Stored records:
■ ■ ■ ■

(* Let $\alpha\neq0$ and consider the $1$-parameter family of Monge forms $f(x,y,t)=y^2+x^2y+\tfrac14x^4+\alpha x^5+tx^3$. Then the family of asymptotic BDEs $f_{yy}\,dy^2+2f_{xy}\,dx\,dy+f_{xx}\,dx^2=0$ (parametrized by $t$ near $0$) is fiber topologically equivalent, at $(x,y,t)=0$, to the family $dy^2+(-y+x^3+tx)\,dx^2=0$.
   Context: Two families of BDEs $\{\omega_{t}\}$ and $\{\omega'_{t}\}$ on $(\mathbb{R}^2,0)$ parametrized by $t\in(\mathbb{R},0)$ are fiber topologically equivalent if there is a germ of homeomorphism $(x,y,t)\mapsto(h(x,y,t),k(t))$ of $(\mathbb{R}^3,0)$, with $k$ a homeomorphism germ of the parameter line, such that for each $t$ the map $h(\cdot,\cdot,t)$ sends integral curves of $\omega_{t}$ to integral curves of $\omega'_{k(t)}$. *)

From Stdlib Require Import Reals.
Open Scope R_scope.

Definition P3 : Type := (R * R * R)%type.
Definition orig3 : P3 := (0, 0, 0).
Definition dist3 (p q : P3) : R :=
  match p, q with
  | (x1, y1, t1), (x2, y2, t2) =>
      Rmax (Rabs (x1 - x2)) (Rmax (Rabs (y1 - y2)) (Rabs (t1 - t2)))
  end.

Definition open3 (U : P3 -> Prop) : Prop :=
  forall p, U p -> exists e, 0 < e /\ forall q, dist3 p q < e -> U q.
Definition cont_on3 (F : P3 -> P3) (U : P3 -> Prop) : Prop :=
  forall p, U p -> forall e, 0 < e -> exists d, 0 < d /\
    forall q, U q -> dist3 p q < d -> dist3 (F p) (F q) < e.

(* F restricted to the open neighbourhood U of 0 is a homeomorphism onto
   the open neighbourhood V of 0, with inverse G, and F 0 = 0.
   (A representative of a germ of homeomorphism of (R^3,0).) *)
Definition homeo3_on (F : P3 -> P3) (U V : P3 -> Prop) (G : P3 -> P3) : Prop :=
  open3 U /\ open3 V /\ U orig3 /\ V orig3 /\ F orig3 = orig3 /\
  (forall p, U p -> V (F p) /\ G (F p) = p) /\
  (forall q, V q -> U (G q) /\ F (G q) = q) /\
  cont_on3 F U /\ cont_on3 G V.

Definition open1 (U : R -> Prop) : Prop :=
  forall p, U p -> exists e, 0 < e /\ forall q, Rabs (p - q) < e -> U q.
Definition cont_on1 (F : R -> R) (U : R -> Prop) : Prop :=
  forall p, U p -> forall e, 0 < e -> exists d, 0 < d /\
    forall q, U q -> Rabs (p - q) < d -> Rabs (F p - F q) < e.

Definition homeo_germ1 (k : R -> R) : Prop :=
  exists (U V : R -> Prop) (l : R -> R),
    open1 U /\ open1 V /\ U 0 /\ V 0 /\ k 0 = 0 /\
    (forall p, U p -> V (k p) /\ l (k p) = p) /\
    (forall q, V q -> U (l q) /\ k (l q) = q) /\
    cont_on1 k U /\ cont_on1 l V.

(* A family of BDEs  a dy^2 + 2 b dx dy + c dx^2 = 0, coefficients
   depending on (x, y, t). *)
Record BDEfam : Type := mkBDE {
  bde_a : R -> R -> R -> R;
  bde_b : R -> R -> R -> R;
  bde_c : R -> R -> R -> R }.

Definition integral_curve (w : BDEfam) (t s0 s1 : R) (g1 g2 : R -> R) : Prop :=
  s0 < s1 /\
  exists d1 d2 : R -> R, forall s, s0 < s < s1 ->
    derivable_pt_lim g1 s (d1 s) /\ derivable_pt_lim g2 s (d2 s) /\
    continuity_pt d1 s /\ continuity_pt d2 s /\
    (d1 s <> 0 \/ d2 s <> 0) /\
    bde_a w (g1 s) (g2 s) t * (d2 s) ^ 2
      + 2 * bde_b w (g1 s) (g2 s) t * d1 s * d2 s
      + bde_c w (g1 s) (g2 s) t * (d1 s) ^ 2 = 0.

(* Fiber topological equivalence of two families of BDEs at 0:
   a germ of homeomorphism (x,y,t) |-> (h(x,y,t), k(t)) of (R^3,0), k a germ
   of homeomorphism of (R,0), such that for each t, h(.,.,t) sends
   integral curves of w_t (inside the domain) onto integral curves of
   w'_{k(t)} (equality of traces). *)
Definition fiber_top_equiv (w w' : BDEfam) : Prop :=
  exists (h1 h2 : R -> R -> R -> R) (k : R -> R)
         (U V : P3 -> Prop) (G : P3 -> P3),
    homeo_germ1 k /\
    homeo3_on (fun p => match p with (x, y, t) => (h1 x y t, h2 x y t, k t) end)
              U V G /\
    forall (t s0 s1 : R) (g1 g2 : R -> R),
      integral_curve w t s0 s1 g1 g2 ->
      (forall s, s0 < s < s1 -> U (g1 s, g2 s, t)) ->
      exists (s0' s1' : R) (e1 e2 : R -> R),
        integral_curve w' (k t) s0' s1' e1 e2 /\
        forall u v : R,
          (exists s, s0 < s < s1 /\
             h1 (g1 s) (g2 s) t = u /\ h2 (g1 s) (g2 s) t = v) <->
          (exists s', s0' < s' < s1' /\ e1 s' = u /\ e2 s' = v).

Definition is_partial_x (F Fx : R -> R -> R -> R) : Prop :=
  forall x y t, derivable_pt_lim (fun u => F u y t) x (Fx x y t).
Definition is_partial_y (F Fy : R -> R -> R -> R) : Prop :=
  forall x y t, derivable_pt_lim (fun u => F x u t) y (Fy x y t).

Definition monge_f (alpha : R) (x y t : R) : R :=
  y ^ 2 + x ^ 2 * y + / 4 * x ^ 4 + alpha * x ^ 5 + t * x ^ 3.

Definition normal_form : BDEfam :=
  mkBDE (fun _ _ _ => 1) (fun _ _ _ => 0) (fun x y t => - y + x ^ 3 + t * x).

(** The Monge form is brought to the normal form by an explicit polynomial
    change of coordinates.  Completing the square in the asymptotic BDE
    [2 dy^2 + 4x dx dy + (2y + 6tx + 3x^2 + 20 alpha x^3) dx^2] with
    [Y = y + x^2/2] leaves [2 dY^2 + (2Y + 6tx + 20 alpha x^3) dx^2]; the
    scalings [X = 10 alpha x], [Y' = -(10 alpha)^2 Y], [T = 30 alpha t],
    possible because [alpha <> 0], then turn it into a multiple of the normal
    form.  This polynomial diffeomorphism maps integral curves to integral
    curves with the same parametrization. *)

From Stdlib Require Import Reals Lra FunctionalExtensionality.
From Coquelicot Require Import Coquelicot.
Open Scope R_scope.

Definition bde_form (w : BDEfam) (x y t dx dy : R) : R :=
  bde_a w x y t * dy ^ 2 + 2 * bde_b w x y t * dx * dy + bde_c w x y t * dx ^ 2.

Definition shear_map (c1 c2 c3 : R) (p : P3) : P3 :=
  match p with (x, y, t) => (c1 * x, c2 * (y + x ^ 2 / 2), c3 * t) end.

Definition shear_inv (c1 c2 c3 : R) (p : P3) : P3 :=
  match p with (X, Y, T) => (/ c1 * X, / c2 * Y - (/ c1 * X) ^ 2 / 2, / c3 * T) end.

Lemma ball_P3 (p q : P3) (e : R) : ball p e q <-> dist3 p q < e.
Proof.
  destruct p as [[x1 y1] t1], q as [[x2 y2] t2].
  change (((ball x1 e x2 /\ ball y1 e y2) /\ ball t1 e t2) <-> dist3 (x1, y1, t1) (x2, y2, t2) < e).
  cbn; unfold AbsRing_ball, abs, minus, plus, opp; cbn.
  rewrite !Rmax_Rlt, (Rabs_minus_sym x1), (Rabs_minus_sym y1), (Rabs_minus_sym t1).
  tauto.
Qed.

Lemma continuous_dist3 (f : P3 -> R) (p : P3) : continuous f p ->
  forall e, 0 < e -> exists d, 0 < d /\ forall q, dist3 p q < d -> Rabs (f p - f q) < e.
Proof.
  intros Hf e He.
  destruct (proj1 (filterlim_locally f (f p)) Hf (mkposreal e He)) as [d Hd].
  exists d; split; [apply cond_pos |].
  intros q Hq; rewrite Rabs_minus_sym.
  exact (Hd q (proj2 (ball_P3 p q d) Hq)).
Qed.

Lemma cont_on3_of_components (F : P3 -> P3) (F1 F2 F3 : P3 -> R) (U : P3 -> Prop) :
  (forall p, F p = (F1 p, F2 p, F3 p)) ->
  (forall p, continuous F1 p) -> (forall p, continuous F2 p) ->
  (forall p, continuous F3 p) ->
  cont_on3 F U.
Proof.
  intros EF H1 H2 H3 p _ e He.
  destruct (continuous_dist3 F1 p (H1 p) e He) as [d1 [Hd1 D1]].
  destruct (continuous_dist3 F2 p (H2 p) e He) as [d2 [Hd2 D2]].
  destruct (continuous_dist3 F3 p (H3 p) e He) as [d3 [Hd3 D3]].
  exists (Rmin d1 (Rmin d2 d3)); split; [now repeat apply Rmin_pos |].
  intros q _ Hq.
  pose proof (Rmin_l d1 (Rmin d2 d3)); pose proof (Rmin_r d1 (Rmin d2 d3)).
  pose proof (Rmin_l d2 d3); pose proof (Rmin_r d2 d3).
  rewrite !EF; cbn; rewrite !Rmax_Rlt.
  repeat split; [apply D1 | apply D2 | apply D3]; lra.
Qed.

Lemma continuous_P3_x (p : P3) : continuous (fun q : P3 => fst (fst q)) p.
Proof.
  destruct p as [[x y] t].
  apply (continuous_comp fst fst); [apply continuous_fst | apply continuous_fst].
Qed.

Lemma continuous_P3_y (p : P3) : continuous (fun q : P3 => snd (fst q)) p.
Proof.
  destruct p as [[x y] t].
  apply (continuous_comp fst snd); [apply continuous_fst | apply continuous_snd].
Qed.

Lemma continuous_P3_t (p : P3) : continuous (fun q : P3 => snd q) p.
Proof. destruct p as [[x y] t]; apply continuous_snd. Qed.

Section RealContinuity.
Context {U : UniformSpace}.

Lemma continuous_Rplus (f g : U -> R) (p : U) :
  continuous f p -> continuous g p -> continuous (fun q => f q + g q) p.
Proof. intros; now apply (continuous_plus (K := R_AbsRing) f g). Qed.

Lemma continuous_Rmult (f g : U -> R) (p : U) :
  continuous f p -> continuous g p -> continuous (fun q => f q * g q) p.
Proof. intros; now apply (continuous_mult (K := R_AbsRing) f g). Qed.

Lemma continuous_Ropp (f : U -> R) (p : U) :
  continuous f p -> continuous (fun q => - f q) p.
Proof. intros; now apply (continuous_opp (K := R_AbsRing) f). Qed.

Lemma continuous_Rpow (f : U -> R) (n : nat) (p : U) :
  continuous f p -> continuous (fun q => f q ^ n) p.
Proof.
  intros Hf; induction n as [| n IH]; cbn.
  - apply continuous_const.
  - now apply continuous_Rmult.
Qed.

End RealContinuity.

(* Syntax-directed on purpose: blindly applying [continuous_Rmult] makes
   unification unfold real numerals such as [2] into products, which is very slow. *)
Ltac continuous_poly := repeat match goal with
  | |- continuous (fun _ => ?c) _ => apply continuous_const
  | |- continuous (fun q => fst (fst q)) _ => apply continuous_P3_x
  | |- continuous (fun q => snd (fst q)) _ => apply continuous_P3_y
  | |- continuous (fun q => snd q) _ => apply continuous_P3_t
  | |- continuous (fun q => @?f q + @?g q) _ => apply (continuous_Rplus f g)
  | |- continuous (fun q => @?f q * @?g q) _ => apply (continuous_Rmult f g)
  | |- continuous (fun q => - @?f q) _ => apply (continuous_Ropp f)
  | |- continuous (fun q => @?f q ^ _) _ => apply (continuous_Rpow f)
  end.

Lemma cont_on1_scal (c : R) (U : R -> Prop) : cont_on1 (fun t => c * t) U.
Proof.
  intros p _ e He.
  pose proof (Rabs_pos c) as Hc.
  exists (e / (Rabs c + 1)); split; [apply Rdiv_lt_0_compat; lra |].
  intros q _ Hq.
  rewrite <- Rmult_minus_distr_l, Rabs_mult.
  assert (Hq' : Rabs (p - q) * (Rabs c + 1) < e).
  { apply (Rmult_lt_compat_r (Rabs c + 1)) in Hq; [| lra].
    now replace (e / (Rabs c + 1) * (Rabs c + 1)) with e in Hq by (field; lra). }
  pose proof (Rabs_pos (p - q)); nra.
Qed.

Lemma open1_full : open1 (fun _ => True).
Proof. intros p _; exists 1; split; [lra | easy]. Qed.

Lemma open3_full : open3 (fun _ => True).
Proof. intros p _; exists 1; split; [lra | easy]. Qed.

Lemma homeo_germ1_scal (c : R) : c <> 0 -> homeo_germ1 (fun t => c * t).
Proof.
  intros Hc.
  exists (fun _ => True), (fun _ => True), (fun t => / c * t).
  do 4 (split; [first [apply open1_full | exact I] |]).
  split; [ring |].
  split; [intros p _; split; [exact I | now field] |].
  split; [intros q _; split; [exact I | now field] |].
  split; apply cont_on1_scal.
Qed.

Lemma homeo3_on_shear (c1 c2 c3 : R) : c1 <> 0 -> c2 <> 0 -> c3 <> 0 ->
  homeo3_on (shear_map c1 c2 c3) (fun _ => True) (fun _ => True) (shear_inv c1 c2 c3).
Proof.
  intros H1 H2 H3.
  do 4 (split; [first [apply open3_full | exact I] |]).
  split; [unfold orig3; cbn; f_equal; [f_equal |]; field |].
  split; [intros [[x y] t] _; split; [exact I | cbn; f_equal; [f_equal |]; now field] |].
  split; [intros [[x y] t] _; split; [exact I | cbn; f_equal; [f_equal |]; now field] |].
  split.
  - apply (cont_on3_of_components _
      (fun q => c1 * fst (fst q))
      (fun q => c2 * (snd (fst q) + fst (fst q) ^ 2 * / 2))
      (fun q => c3 * snd q)); [now intros [[x y] t] | ..]; intros; continuous_poly.
  - apply (cont_on3_of_components _
      (fun q => / c1 * fst (fst q))
      (fun q => / c2 * snd (fst q) + - ((/ c1 * fst (fst q)) ^ 2 * / 2))
      (fun q => / c3 * snd q)); [now intros [[x y] t] | ..]; intros; continuous_poly.
Qed.

Lemma derivable_pt_lim_shear (c : R) (g1 g2 : R -> R) (s d1 d2 : R) :
  derivable_pt_lim g1 s d1 -> derivable_pt_lim g2 s d2 ->
  derivable_pt_lim (fun u => c * (g2 u + g1 u ^ 2 / 2)) s (c * (d2 + g1 s * d1)).
Proof.
  rewrite <- !is_derive_Reals => D1 D2.
  assert (Dsq : is_derive (fun u => g1 u ^ 2 / 2) s (scal d1 (g1 s))).
  { apply (is_derive_comp (fun x => x ^ 2 / 2) g1); [auto_derive; [easy | field] | exact D1]. }
  replace (d2 + g1 s * d1) with (plus d2 (scal d1 (g1 s))) by (cbn; ring).
  apply is_derive_scal, (is_derive_plus g2 (fun u => g1 u ^ 2 / 2)); assumption.
Qed.

Section ShearTransport.
Variables (w w' : BDEfam) (c1 c2 c3 lam : R).
Hypotheses (Hc1 : c1 <> 0) (Hc2 : c2 <> 0).
Hypothesis shear_pullback : forall x y t dx dy,
  bde_form w' (c1 * x) (c2 * (y + x ^ 2 / 2)) (c3 * t) (c1 * dx) (c2 * (dy + x * dx))
  = lam * bde_form w x y t dx dy.

Lemma integral_curve_shear (t s0 s1 : R) (g1 g2 : R -> R) :
  integral_curve w t s0 s1 g1 g2 ->
  integral_curve w' (c3 * t) s0 s1 (fun s => c1 * g1 s) (fun s => c2 * (g2 s + g1 s ^ 2 / 2)).
Proof.
  intros [Hs [d1 [d2 Hd]]]; split; [exact Hs |].
  exists (fun s => c1 * d1 s), (fun s => c2 * (d2 s + g1 s * d1 s)).
  intros s Hs'; destruct (Hd s Hs') as (D1 & D2 & C1 & C2 & Reg & E).
  assert (G1 : continuity_pt g1 s) by (apply derivable_continuous_pt; now exists (d1 s)).
  split; [| split; [| split; [| split; [| split]]]].
  - exact (derivable_pt_lim_scal g1 c1 s (d1 s) D1).
  - exact (derivable_pt_lim_shear c2 g1 g2 s (d1 s) (d2 s) D1 D2).
  - exact (continuity_pt_scal d1 c1 s C1).
  - apply (continuity_pt_scal (fun u => d2 u + g1 u * d1 u)).
    now apply continuity_pt_plus; [| apply continuity_pt_mult].
  - destruct (Req_dec (d1 s) 0) as [Z | Z].
    + right; rewrite Z, Rmult_0_r, Rplus_0_r.
      apply Rmult_integral_contrapositive; split; [exact Hc2 | now destruct Reg].
    + left; now apply Rmult_integral_contrapositive.
  - change (bde_form w' (c1 * g1 s) (c2 * (g2 s + g1 s ^ 2 / 2)) (c3 * t)
              (c1 * d1 s) (c2 * (d2 s + g1 s * d1 s)) = 0).
    change (bde_form w (g1 s) (g2 s) t (d1 s) (d2 s) = 0) in E.
    now rewrite shear_pullback, E, Rmult_0_r.
Qed.

Lemma fiber_top_equiv_of_shear : c3 <> 0 -> fiber_top_equiv w w'.
Proof.
  intros Hc3.
  exists (fun x _ _ => c1 * x), (fun x y _ => c2 * (y + x ^ 2 / 2)), (fun t => c3 * t),
    (fun _ => True), (fun _ => True), (shear_inv c1 c2 c3).
  split; [| split].
  - exact (homeo_germ1_scal c3 Hc3).
  - exact (homeo3_on_shear c1 c2 c3 Hc1 Hc2 Hc3).
  - intros t s0 s1 g1 g2 Hg _.
    exists s0, s1, (fun s => c1 * g1 s), (fun s => c2 * (g2 s + g1 s ^ 2 / 2)).
    split; [exact (integral_curve_shear t s0 s1 g1 g2 Hg) |].
    intros u v; apply iff_refl.
Qed.

End ShearTransport.

Lemma is_partial_x_unique (F Fx Gx : R -> R -> R -> R) :
  is_partial_x F Fx -> is_partial_x F Gx -> Fx = Gx.
Proof.
  intros HF HG; do 3 (apply functional_extensionality; intro).
  eapply uniqueness_limite; [apply HF | apply HG].
Qed.

Lemma is_partial_y_unique (F Fy Gy : R -> R -> R -> R) :
  is_partial_y F Fy -> is_partial_y F Gy -> Fy = Gy.
Proof.
  intros HF HG; do 3 (apply functional_extensionality; intro).
  eapply uniqueness_limite; [apply HF | apply HG].
Qed.

Ltac partial_by_derive := intros ? ? ?; apply is_derive_Reals; auto_derive; [easy | field].

Theorem mainTheorem13 (alpha : R) (Halpha : alpha <> 0)
  (fx fy fxx fxy fyy : R -> R -> R -> R)
  (Hfx : is_partial_x (monge_f alpha) fx)
  (Hfy : is_partial_y (monge_f alpha) fy)
  (Hfxx : is_partial_x fx fxx)
  (Hfxy : is_partial_y fx fxy)
  (Hfyy : is_partial_y fy fyy) :
  fiber_top_equiv (mkBDE fyy fxy fxx) normal_form.
Proof.
  assert (Efx : fx = fun x y t => 2 * x * y + 3 * t * x ^ 2 + x ^ 3 + 5 * alpha * x ^ 4)
    by (apply (is_partial_x_unique _ _ _ Hfx); unfold monge_f; partial_by_derive).
  assert (Efy : fy = fun x y _ => 2 * y + x ^ 2)
    by (apply (is_partial_y_unique _ _ _ Hfy); unfold monge_f; partial_by_derive).
  subst fx fy.
  assert (Efxx : fxx = fun x y t => 2 * y + 6 * t * x + 3 * x ^ 2 + 20 * alpha * x ^ 3)
    by (apply (is_partial_x_unique _ _ _ Hfxx); partial_by_derive).
  assert (Efxy : fxy = fun x _ _ => 2 * x)
    by (apply (is_partial_y_unique _ _ _ Hfxy); partial_by_derive).
  assert (Efyy : fyy = fun _ _ _ => 2)
    by (apply (is_partial_y_unique _ _ _ Hfyy); partial_by_derive).
  subst fxx fxy fyy.
  apply (fiber_top_equiv_of_shear _ _ (10 * alpha) (- (10 * alpha) ^ 2) (30 * alpha)
           (5000 * alpha ^ 4)); try (intro; apply Halpha; nra).
  intros x y t dx dy; unfold bde_form; cbn; field.
Qed.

■ ■ ■ ■

*Work task:* Starting at the line above that holds "destruct (continuous_dist3 F3" and ending at the line that holds "pose proof (Rmin_l d2", transcribe each line exactly and include no other lines.

*Solution to the problem:*
  destruct (continuous_dist3 F3 p (H3 p) e He) as [d3 [Hd3 D3]].
  exists (Rmin d1 (Rmin d2 d3)); split; [now repeat apply Rmin_pos |].
  intros q _ Hq.
  pose proof (Rmin_l d1 (Rmin d2 d3)); pose proof (Rmin_r d1 (Rmin d2 d3)).
  pose proof (Rmin_l d2 d3); pose proof (Rmin_r d2 d3).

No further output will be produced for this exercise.